(* Let $V:P\to B(\mathcal{H})$ be an isometric representation with commuting range projections. Then: (1) for every $g\in G$ the operator $W_g:=V_b^*V_a$, where $g=ab^{-1}$ with $a,b\in P$, does not depend on the choice of $a,b$, and it is a partial isometry; (2) the projections $E_g:=W_gW_g^*$, $g\in G$, pairwise commute; (3) if $g_1,g_2\in G$ satisfy $g_1g_2^{-1}\in P$, then $E_{g_1}\le E_{g_2}$; (4) the map $G\ni g\mapsto W_g\in B(\mathcal{H})$ is strongly continuous; (5) for all $g,h\in G$, $W_gW_h=E_gW_{hg}$.
   Context: Standing assumptions: $G$ is a second countable locally compact group with left Haar measure $dg$ and modular function $\Delta$; $P\subset G$ is a closed subsemigroup with identity $e\in P$, such that $G=PP^{-1}$ and the interior $Int(P)$ of $P$ is dense in $P$. An isometric representation with commuting range projections is a map $V:P\to B(\mathcal{H})$ ($\mathcal{H}$ a Hilbert space) such that $a\mapsto V_a$ and $a\mapsto V_a^*$ are strongly continuous, each $V_a$ is an isometry, $V_aV_b=V_{ba}$ for $a,b\in P$, and the projections $E_a:=V_aV_a^*$ ($a\in P$) pairwise commute. *)

From Stdlib Require Import Reals ClassicalEpsilon List.
Open Scope R_scope.
(* Let $A$ be a bounded linear operator on a complex Hilbert space $\mathcal H \neq \{0\}$. Then \[ W_0(A)\cap \mathcal C_A = \operatorname{cl} W(A)\cap \mathcal C_A = \sigma(A)\cap \mathcal C_A, \] where $\mathcal C_A=\{z\in\mathbb C : |z|=\|A\|\}$.
   Context: The numerical range of $A$ is $W(A)=\{\langle Ax,x\rangle : x\in\mathcal H,\ \|x\|=1\}$, and $\operatorname{cl}W(A)$ denotes its closure in $\mathbb C$. The maximal numerical range $W_0(A)$ is the set of all $\lambda\in\mathbb C$ for which there exist unit vectors $x_n\in\mathcal H$ with $\|Ax_n\|\to\|A\|$ and $\langle Ax_n,x_n\rangle\to\lambda$. $\sigma(A)$ denotes the spectrum of $A$. *)

From Stdlib Require Import Reals Lra.
Open Scope R_scope.
Set Implicit Arguments.

Record Cplx : Type := mkC { Re : R ; Im : R }.

Definition C0 : Cplx := mkC 0 0.
Definition C1 : Cplx := mkC 1 0.
Definition Cadd (a b : Cplx) : Cplx := mkC (Re a + Re b) (Im a + Im b).
Definition Copp (a : Cplx) : Cplx := mkC (- Re a) (- Im a).
Definition Csub (a b : Cplx) : Cplx := Cadd a (Copp b).
Definition Cmul (a b : Cplx) : Cplx :=
  mkC (Re a * Re b - Im a * Im b) (Re a * Im b + Im a * Re b).
Definition Cconj (a : Cplx) : Cplx := mkC (Re a) (- Im a).
Definition Cmod (a : Cplx) : R := sqrt (Re a * Re a + Im a * Im a).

....................

__DESCRIPTION OF THE TASK__. Only the lines above from the line with "Context: The numerical" to the line with "Definition C1 : Cplx := mkC 1 0.", those two lines included, should be reproduced exactly.

__TASK RESULT__.
   Context: The numerical range of $A$ is $W(A)=\{\langle Ax,x\rangle : x\in\mathcal H,\ \|x\|=1\}$, and $\operatorname{cl}W(A)$ denotes its closure in $\mathbb C$. The maximal numerical range $W_0(A)$ is the set of all $\lambda\in\mathbb C$ for which there exist unit vectors $x_n\in\mathcal H$ with $\|Ax_n\|\to\|A\|$ and $\langle Ax_n,x_n\rangle\to\lambda$. $\sigma(A)$ denotes the spectrum of $A$. *)

From Stdlib Require Import Reals Lra.
Open Scope R_scope.
Set Implicit Arguments.

Record Cplx : Type := mkC { Re : R ; Im : R }.

Definition C0 : Cplx := mkC 0 0.
Definition C1 : Cplx := mkC 1 0.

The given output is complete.